I will spare you the details of the ensuing conversation. Let's just suffice to say Nick wouldn't back down, and his argument still doesn't make any sense. I maintain that if I had been blond instead of brown, things would have been different.
It was the perfect ending to the perfect day. I spent the next 48 hours (not an exaggeration) feeling miserable and self-conscious and the next 4 weeks working through it. Because Nick was (and is) a friend of mine. Racism from strangers is much easier to ignore. I've swallowed the incident with Nick since then, but I haven't forgotten. He hurt me more that day than he realizes --- that was part of the hurt, actually, that he has no way to understand how much remorse he should have felt. As a white male living in the U.S., he will probably never understand how hurtful it can be when you are reduced to the sum of your skin pigment, especially by a friend.
And now we have reached my second point. A lot of us, especially in the liberal neck of the woods, strive for and compliment ourselves on our lack of prejudice. By this we mean our ability to meet someone and say, "Oh, s/he's black/Hispanic/Romulan/other but I'm not going to judge based on that and I'm going to keep an open mind." This is obviously way better than many alternatives, but we shouldn't consider it to be the ideal. What we actually should strive for is real colorblindness --- the not-noticing of skin color at all, which is too absent in the States. (Want to know what it looks like? Go visit Toronto - in my experience, they've got it about right.)
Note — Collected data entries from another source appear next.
Lemma gauss_deriv_increment_ball w m : ball w -> (m0 <= m)%nat ->
  (Cmod (gauss_seq (S m) w * gauss_logderiv (S m) w - gauss_seq m w * gauss_logderiv m w)
   <= C1 * (K * C2 + (A + 1)) / (INR m * INR (S m)))%R.
Proof.
  intros Hw Hm. rewrite gauss_seq_S_ball by auto.
  replace (gauss_seq m w * gauss_ratio m w * gauss_logderiv (S m) w
           - gauss_seq m w * gauss_logderiv m w)
    with (gauss_seq m w * ((gauss_ratio m w - 1) * gauss_logderiv (S m) w
          + (gauss_logderiv (S m) w - gauss_logderiv m w))) by ring.
  rewrite Cmod_mult.
  assert (0 < INR m)%R by (apply (lt_INR 0); lia).
  assert (0 < INR (S m))%R by (apply (lt_INR 0); lia).
  replace (C1 * (K * C2 + (A + 1)) / (INR m * INR (S m)))%R
    with (C1 * (K / (INR m * INR (S m)) * C2 + (A + 1) / (INR m * INR (S m))))%R
    by (field; lra).
  apply Rmult_le_compat; [apply Cmod_ge_0 | apply Cmod_ge_0 | apply Cmod_gauss_seq_ball; auto|].
  eapply Rle_trans; [apply Cmod_triangle|].
  apply Rplus_le_compat; [|apply gauss_logderiv_increment_ball; auto].
  rewrite Cmod_mult.
  apply Rmult_le_compat; try apply Cmod_ge_0.
  - apply gauss_ratio_ball; auto.
  - apply Cmod_gauss_logderiv_ball; auto.
Qed.

Lemma gauss_conv_ball w : ball w -> gauss_conv w.
Proof.
  intros Hw. apply Cseq_cauchy_lim. intros eps He.
  destruct (unif_cauchy_of_increments (fun w m => gauss_seq m w) (C1 * K) m0 ball Hm0
    (Rmult_le_pos _ _ C1_ge_0 K_ge_0) gauss_seq_increment_ball eps He) as [N HN].
  exists N. intros p q Hp Hq. apply HN; auto.
Qed.

Lemma gauss_holo_right : gauss_holo z0.
Proof.
  split; [exists (1 / 2)%R; split; [lra | exact gauss_conv_ball]|].
  assert (HC2 : (0 <= C2)%R).
  { eapply Rle_trans; [apply (Cmod_ge_0 (gauss_logderiv m0 z0))|].
    apply Cmod_gauss_logderiv_ball; auto.
    unfold ball. replace (z0 - z0) with (RtoC 0) by ring. rewrite Cmod_0. lra. }
  apply (is_Cderive_unif_lim (fun k => gauss_seq (k + m0))
           (fun k w => gauss_seq (k + m0) w * gauss_logderiv (k + m0) w) CGamma z0 (1 / 2));
    [| | lra |].
  - intros m w Hw. apply is_Cderive_gauss_seq, Cpoch1_neq_0, ball_Re_ge. exact Hw.
  - intros w Hw. apply (Cseq_lim_shift (fun m => gauss_seq m w)).
    apply gauss_conv_CGamma, gauss_conv_ball. exact Hw.
  - intros eps He.
    destruct (unif_cauchy_of_increments (fun w m => gauss_seq m w * gauss_logderiv m w)
      (C1 * (K * C2 + (A + 1))) m0 ball Hm0) with (eps := eps) as [N HN]; auto.
    + pose proof C1_ge_0. pose proof K_ge_0. pose proof A_ge_0.
      apply Rmult_le_pos; [|apply Rplus_le_le_0_compat; [apply Rmult_le_pos|]]; lra.
    + exact gauss_deriv_increment_ball.
    + exists N. intros p q w Hp Hq Hw. apply (HN (p + m0)%nat (q + m0)%nat w); auto; lia.
Qed.

End GaussHoloRight.

Definition not_nonpos_int (z : C) : Prop := forall j, z + Cnat j <> 0.

Lemma not_nonpos_int_neq_0 z : not_nonpos_int z -> z <> 0.
Proof. intros H E. apply (H 0%nat). rewrite E, Cnat_0. ring. Qed.

Lemma not_nonpos_int_plus_Cnat z j : not_nonpos_int z -> not_nonpos_int (z + Cnat j).
Proof.
  intros H i. replace (z + Cnat j + Cnat i) with (z + Cnat (j + i)) by (rewrite Cnat_plus; ring).
  apply H.
Qed.

Lemma not_nonpos_int_plus_1 z : not_nonpos_int z -> not_nonpos_int (z + 1).
Proof.
  intros H j. replace (z + 1 + Cnat j) with (z + Cnat (S j)) by (rewrite Cnat_S; ring).
  apply H.
Qed.

Lemma not_nonpos_int_of_not_neg_int z : not_neg_int z -> z <> 0 -> not_nonpos_int z.
Proof.
  intros H Hz [|j] E; [apply Hz; rewrite <- E, Cnat_0; ring|].
  apply (H j). rewrite <- (Cplus_0_l (Copp _)), <- E. ring.
Qed.

Lemma not_nonpos_int_succ_of_not_neg_int z : not_neg_int z -> not_nonpos_int (z + 1).
Proof.
  intros H j E. apply (H j). rewrite Cnat_S. rewrite <- (Cplus_0_l (Copp _)), <- E. ring.
Qed.

Lemma gauss_holo_pred (z : C) : z <> 0 -> gauss_holo (z + 1) -> gauss_holo z.
Proof.
  intros Hz [[d [Hd Hc]] [L HL]].
  assert (Hmz : (0 < Cmod z)%R) by (apply Cmod_gt_0; auto).
  set (d' := Rmin d (Cmod z)).
  assert (Hd' : (0 < d')%R) by (apply Rmin_glb_lt; auto).
  assert (Hball : forall w, (Cmod (w - z) < d')%R -> w <> 0 /\ gauss_conv (w + 1)).
  { intros w Hw. split.
    - intro E. subst. replace (0 - z) with (- z) in Hw by ring. rewrite Cmod_opp in Hw.
      pose proof (Rmin_r d (Cmod z)). unfold d' in Hw. lra.
    - apply Hc. replace (w + 1 - (z + 1)) with (w - z) by ring.
      eapply Rlt_le_trans; [apply Hw | apply Rmin_l]. }
  split.
  - exists d'. split; auto. intros w Hw. destruct (Hball w Hw). apply CGamma_pred; auto.
  - exists ((1 + 0) * L * / z + CGamma (z + 1) * (- (/ z * / z))).
    apply (is_Cderive_ext_loc (fun v => CGamma (v + 1) * / v)).
    { exists d'. split; auto. intros y Hy. destruct (Hball y Hy).
      symmetry. apply CGamma_pred; auto. }
    apply (is_Cderive_mult (fun v => CGamma (v + 1)) Cinv); [|apply is_Cderive_Cinv; auto].
    apply (is_Cderive_comp CGamma (fun v => v + 1)); [exact HL|].
    apply is_Cderive_plus; [apply is_Cderive_id | apply is_Cderive_const].
Qed.

Lemma gauss_holo_Re_ge_1 z : (1 <= fst z)%R -> gauss_holo z.
Proof.
  intros Hz. destruct (exists_nat_gt (Cmod z + 1)) as [m1 Hm1].
  apply (gauss_holo_right z Hz (S m1)); [lia|].
  rewrite S_INR. lra.
Qed.

Lemma gauss_holo_all z : not_nonpos_int z -> gauss_holo z.
Proof.
  intros Hz. destruct (exists_nat_gt (1 - fst z)) as [N HN].
  revert z Hz HN. induction N as [|N IHN]; intros z Hz HN.
  - apply gauss_holo_Re_ge_1. simpl in HN. lra.
  - apply gauss_holo_pred; [apply not_nonpos_int_neq_0; auto|].
    apply IHN; [apply not_nonpos_int_plus_1; auto|].
    rewrite S_INR in HN. simpl. lra.
Qed.

Lemma gauss_conv_all z : not_nonpos_int z -> gauss_conv z.
Proof.
  intros Hz. destruct (gauss_holo_all z Hz) as [[d [Hd Hc]] _]. apply Hc.
  replace (z - z) with (RtoC 0) by ring. rewrite Cmod_0. auto.
Qed.

Lemma CGamma_plus_1 z : not_nonpos_int z -> CGamma (z + 1) = z * CGamma z.
Proof.
  intros Hz. apply CGamma_succ; [apply not_nonpos_int_neq_0 | apply gauss_conv_all]; auto.
Qed.

Lemma digamma_plus_1 z : not_nonpos_int z -> CGamma z <> 0 -> digamma (z + 1) = digamma z + / z.
Proof.
  intros Hg HG. pose proof (not_nonpos_int_neq_0 z Hg) as Hz.
  destruct (gauss_holo_all z Hg) as [[d [Hd Hc]] [L HL]].
  assert (Hmz : (0 < Cmod z)%R) by (apply Cmod_gt_0; auto).
  set (d' := Rmin d (Cmod z)).
  assert (Hd' : (0 < d')%R) by (apply Rmin_glb_lt; auto).
  assert (Hloc : forall y, (Cmod (y - (z + 1)) < d')%R -> (y - 1) * CGamma (y - 1) = CGamma y).
  { intros y Hy.
    assert (Hw : (Cmod ((y - 1) - z) < d')%R)
      by (replace (y - 1 - z) with (y - (z + 1)) by ring; auto).
    assert (y - 1 <> 0).
    { intro E. rewrite E in Hw. replace (0 - z) with (- z) in Hw by ring.
      rewrite Cmod_opp in Hw. pose proof (Rmin_r d (Cmod z)). unfold d' in Hw. lra. }
    assert (gauss_conv (y - 1)) by (apply Hc; eapply Rlt_le_trans; [apply Hw | apply Rmin_l]).
    destruct (CGamma_succ (y - 1)) as [E _]; auto.
    replace (y - 1 + 1) with y in E by ring. auto. }
  assert (HD : is_Cderive CGamma (z + 1) (CGamma z + z * L)).
  { apply (is_Cderive_ext_loc (fun y => (y - 1) * CGamma (y - 1))); [exists d'; auto|].
    assert (Hsh : is_Cderive (fun y => y - 1) (z + 1) (1 - 0))
      by (apply is_Cderive_minus; [apply is_Cderive_id | apply is_Cderive_const]).
    assert (HG1 : is_Cderive CGamma (z + 1 - 1) L) by (replace (z + 1 - 1) with z by ring; auto).
    eapply is_Cderive_ext; [intros; reflexivity | |
      exact (is_Cderive_mult _ _ _ _ _ Hsh
               (is_Cderive_comp CGamma (fun y => y - 1) (z + 1) L _ HG1 Hsh))].
    cbv beta. replace (z + 1 - 1) with z by ring. ring_C. }
  unfold digamma. rewrite (Cderiv_correct _ _ _ HD), (Cderiv_correct _ _ _ HL).
  rewrite CGamma_plus_1 by auto. field. auto.
Qed.

(** * Beta ratios and binomial weights *)

Fixpoint rising (z : C) (j : nat) : C :=
  match j with O => 1 | S j' => rising z j' * (z + Cnat j') end.

Fixpoint recip_sum (z : C) (j : nat) : C :=
  match j with O => 0 | S j' => recip_sum z j' + / (z + Cnat j') end.

Lemma rising_neq_0 z j : not_nonpos_int z -> rising z j <> 0.
Proof.
  intros H. induction j as [|j IHj]; simpl.
  - intro E. apply RtoC_inj in E. lra.
  - apply Cmult_neq_0; auto.
Qed.

Lemma CGamma_plus_Cnat z j : not_nonpos_int z -> CGamma (z + Cnat j) = rising z j * CGamma z.
Proof.
  intros H. induction j as [|j IHj].
  - rewrite Cnat_0, Cplus_0_r. simpl. ring.
  - replace (z + Cnat (S j)) with ((z + Cnat j) + 1) by (rewrite Cnat_S; ring).
    rewrite CGamma_plus_1, IHj by (apply not_nonpos_int_plus_Cnat; auto). simpl. ring.
Qed.

Lemma digamma_plus_Cnat z j : not_nonpos_int z -> CGamma z <> 0 ->
  digamma (z + Cnat j) = digamma z + recip_sum z j.
Proof.
  intros H HG. induction j as [|j IHj].
  - rewrite Cnat_0, Cplus_0_r. simpl. ring.
  - replace (z + Cnat (S j)) with ((z + Cnat j) + 1) by (rewrite Cnat_S; ring).
    rewrite digamma_plus_1, IHj; [simpl; ring | apply not_nonpos_int_plus_Cnat; auto |].
    rewrite CGamma_plus_Cnat by auto. apply Cmult_neq_0; auto. apply rising_neq_0; auto.
Qed.

Lemma Harm_plus_Cnat z j w : not_nonpos_int z -> CGamma z <> 0 -> w + 1 = z + Cnat j ->
  Harm w = digamma z + recip_sum z j + RtoC euler_gamma.
Proof. intros Hz HG E. unfold Harm. rewrite E, digamma_plus_Cnat; auto. Qed.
The moral of these stories, and countless others as bad or much worse that every member of a racial or ethnic minority has endured, is that we've all got to try a little harder. Prejudice is really good at finding hiding places in your world-view, and today, somewhere, people are hurting because of it. I'm hoping for the day when I can make a first impression by doing something, rather than just by being something. I'm hoping for the day when I will not be judged as an Oreo, as assimilated, or as anything else, simply for being black and simultaneously being all the other things that I am.